Transcribed from A Standard History of Kansas and Kansans, written and compiled by William E. Connelley, Secretary of the Kansas State Historical Society, Topeka. [Revised ed.] Chicago: Lewis Publishing Co., 1919, c1918. 5 v. (xlviii, 2530 p., [155] leaves of plates): ill., maps (some fold.), ports.; 27 cm.

Emma Bigge

EMMA BIGGE. A well merited honor came to a Rooks County teacher in the election of Miss Emma Bigge as county superintendent of schools in November, 1918. She has been identified with educational work in this county for a number of years, and the splendid record she made as a teacher has continued as an administrator of the public school system of the county.

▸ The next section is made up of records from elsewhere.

(* For every integer $t\ge 2$ and every $\varepsilon>0$ the following holds for infinitely many $k$. There exist a vertex set $V$ containing a terminal set $K$ with $|K|=k$ and $k=o(|V|)$, and a family $\mathcal G$ of unweighted undirected graphs on vertex set $V$, each with $O(|V|)$ edges, such that any data structure (i.e., any encoding map $f$ from $\mathcal G$ to bit strings together with a decoding procedure that, given only $f(G)$, outputs for every pair $x,x'\in K$ an estimate $\delta(x,x')$) which satisfies either $d_G(x,x')\le \delta(x,x')\le (t-\varepsilon)\,d_G(x,x')$ for all $x,x'\in K$ and all $G\in\mathcal G$, or $d_G(x,x')\le \delta(x,x')\le d_G(x,x')+2t-3$ for all $x,x'\in K$ and all $G\in\mathcal G$, must use $\Omega(k^{1+1/(t-1)})$ bits on some $G\in\mathcal G$.
   Context: $d_G(x,x')$ denotes the shortest-path (hop) distance between $x$ and $x'$ in the unweighted graph $G$. *)

From mathcomp Require Import all_boot.
From Stdlib Require Import Reals.

Set Implicit Arguments.
Unset Strict Implicit.
Unset Printing Implicit Defensive.

(* An undirected unweighted simple graph on vertex set 'I_n is given by its
   edge set: a set of 2-element subsets of 'I_n. *)
Definition graph (n : nat) := {set {set 'I_n}}.

Definition simple_graph n (G : graph n) : Prop :=
  forall e, e \in G -> #|e| = 2.

Definition nedges n (G : graph n) : nat := #|G|.

Definition adj n (G : graph n) : rel 'I_n :=
  fun x y => (x != y) && ([set x; y] \in G).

Miss Bigge represents a pioneer family of Rooks County. Her father, the late Edward Bigge, was born in Illinois in 1846. He grew up and married in that state, and all his life was devoted to the farm and agriculture. In 1881 he homesteaded a quarter section in Rooks County, and handled his affairs so successfully that at the time of his death, which occurred in 1901, he owned a fine estate of 1,000 acres. His home farm was four miles northwest of Stockton, and it is still the home of his widow and several of his children.

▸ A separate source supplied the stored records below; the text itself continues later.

(* Let $m,n\geq 2$. Each of the following six functions is not Banach-Mazur computable: (I) $g_{\text{inv}}:\mathbb{C}^{m\times n}\to\mathbb{C}^{n\times m}$, $g_{\text{inv}}(A)=A^\dagger$; (II) $g_{\text{norm}}:\mathbb{C}^{m\times n}\to\mathbb{R}$, $g_{\text{norm}}(A)=\|A^\dagger\|_F$; (III) $\Psi_{\text{lsq}}:\mathbb{C}^{m\times n}\times\mathbb{C}^m\to\mathbb{R}$, $\Psi_{\text{lsq}}(A,b)=\min_{x\in\mathbb{C}^n}\|Ax-b\|_2$; (IV) $\Psi_{\text{sol}}:\mathbb{C}^{m\times n}\times\mathbb{C}^m\to\mathbb{C}^n$, $\Psi_{\text{sol}}(A,b)=\hat{x}_{(A,b)}$; (V) $\Psi_{\text{norm}}:\mathbb{C}^{m\times n}\times\mathbb{C}^m\to\mathbb{R}$, $\Psi_{\text{norm}}(A,b)=\|\hat{x}_{(A,b)}\|_2=\|A^\dagger b\|_2$; (VI) $\kappa:\mathbb{C}^{m\times n}\to\mathbb{R}$, $\kappa(A)=\|A\|_F\,\|A^\dagger\|_F$.
   Context: For $A\in\mathbb{C}^{m\times n}$, $A^\dagger\in\mathbb{C}^{n\times m}$ denotes the Moore–Penrose pseudoinverse, the unique matrix with $AA^\dagger A=A$, $A^\dagger AA^\dagger=A^\dagger$, $(AA^\dagger)^H=AA^\dagger$, $(A^\dagger A)^H=A^\dagger A$. For $b\in\mathbb{C}^m$, $\hat{x}_{(A,b)}=A^\dagger b$ is the minimizer of $\|Ax-b\|_2$ over $x\in\mathbb{C}^n$ with minimal Euclidean norm. $\|\cdot\|_F$ is the Frobenius norm, $\|\cdot\|_2$ the Euclidean norm. Computability notions: a sequence $(r_k)_{k\in\mathbb{N}}\subset\mathbb{Q}$ is computable if $r_k=(-1)^{s(k)}a(k)/b(k)$ for recursive functions $a,b,s:\mathbb{N}\to\mathbb{N}$ with $b(k)\neq 0$ (analogously for multi-indexed sequences). A real number $x$ is computable if there is a computable sequence of rationals $(r_k)$ with $|r_k-x|\le 2^{-k}$ for all $k$; $\mathbb{R}_c$ denotes the computable reals. A sequence $(x_n)_{n}\subset\mathbb{R}$ is computable if there is a computable double sequence $(r_{n,k})\subset\mathbb{Q}$ with $|r_{n,k}-x_n|\le 2^{-k}$ for all $n,k$. Complex numbers, vectors, matrices (and sequences of these) are computable if all real and imaginary parts of all entries are computable (as sequences). A function $f$ defined on computable inputs (real/complex vectors, matrices, or matrix–vector pairs with computable entries) is Banach-Mazur computable if it maps every computable sequence of inputs in its domain to a computable sequence of outputs; for complex-valued functions this is required of the real and imaginary parts. *)

From HB Require Import structures.
From mathcomp Require Import all_boot all_order all_algebra.
From mathcomp Require Import complex spectral.
From mathcomp Require Import boolp classical_sets reals.
Set Implicit Arguments. Unset Strict Implicit. Unset Printing Implicit Defensive.
Import Order.TTheory GRing.Theory Num.Theory.
Local Open Scope ring_scope.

Edward Bigge was a republican and a member of the Lutheran Church. He married Miss Dina Jasper, who was born in Germany in 1852, but was reared from childhood in Illinois. Her children are: Henry; William, a farmer six miles northwest of Stockton; Emma; Minnie, wife of John Sanders, a farmer eight miles northwest of Stockton; Ed, whose farm is three miles northwest of the county seat; Martha, who finished her education in the Fort Hays Normal School, lives at home with her mother and is a teacher in the county; Bertha and Benjamin, both at home, the latter being the practical manager of the old farm.

Miss Emma Gigge[sic] was born at Carlyle, Illinois, and grew up in Rooks County, Kansas. She was educated in the rural schools and early determined to devote her talents to the work of education. For eight years she managed some of the rural schools of the county, then, after two years of further training in the Fort Hays Normal School, she was called to the responsibilities of teaching in the Stockton schools. She was in the Stockton schools as a teacher from 1908 to 1918, until her election in the fall of the latter year as county superintendent of schools. She has under her supervision 118 schools, a staff of 165 teachers and about 3,666 pupils. She is a republican and a member of the Methodist Episcopal Church, being head of the educational department of her church.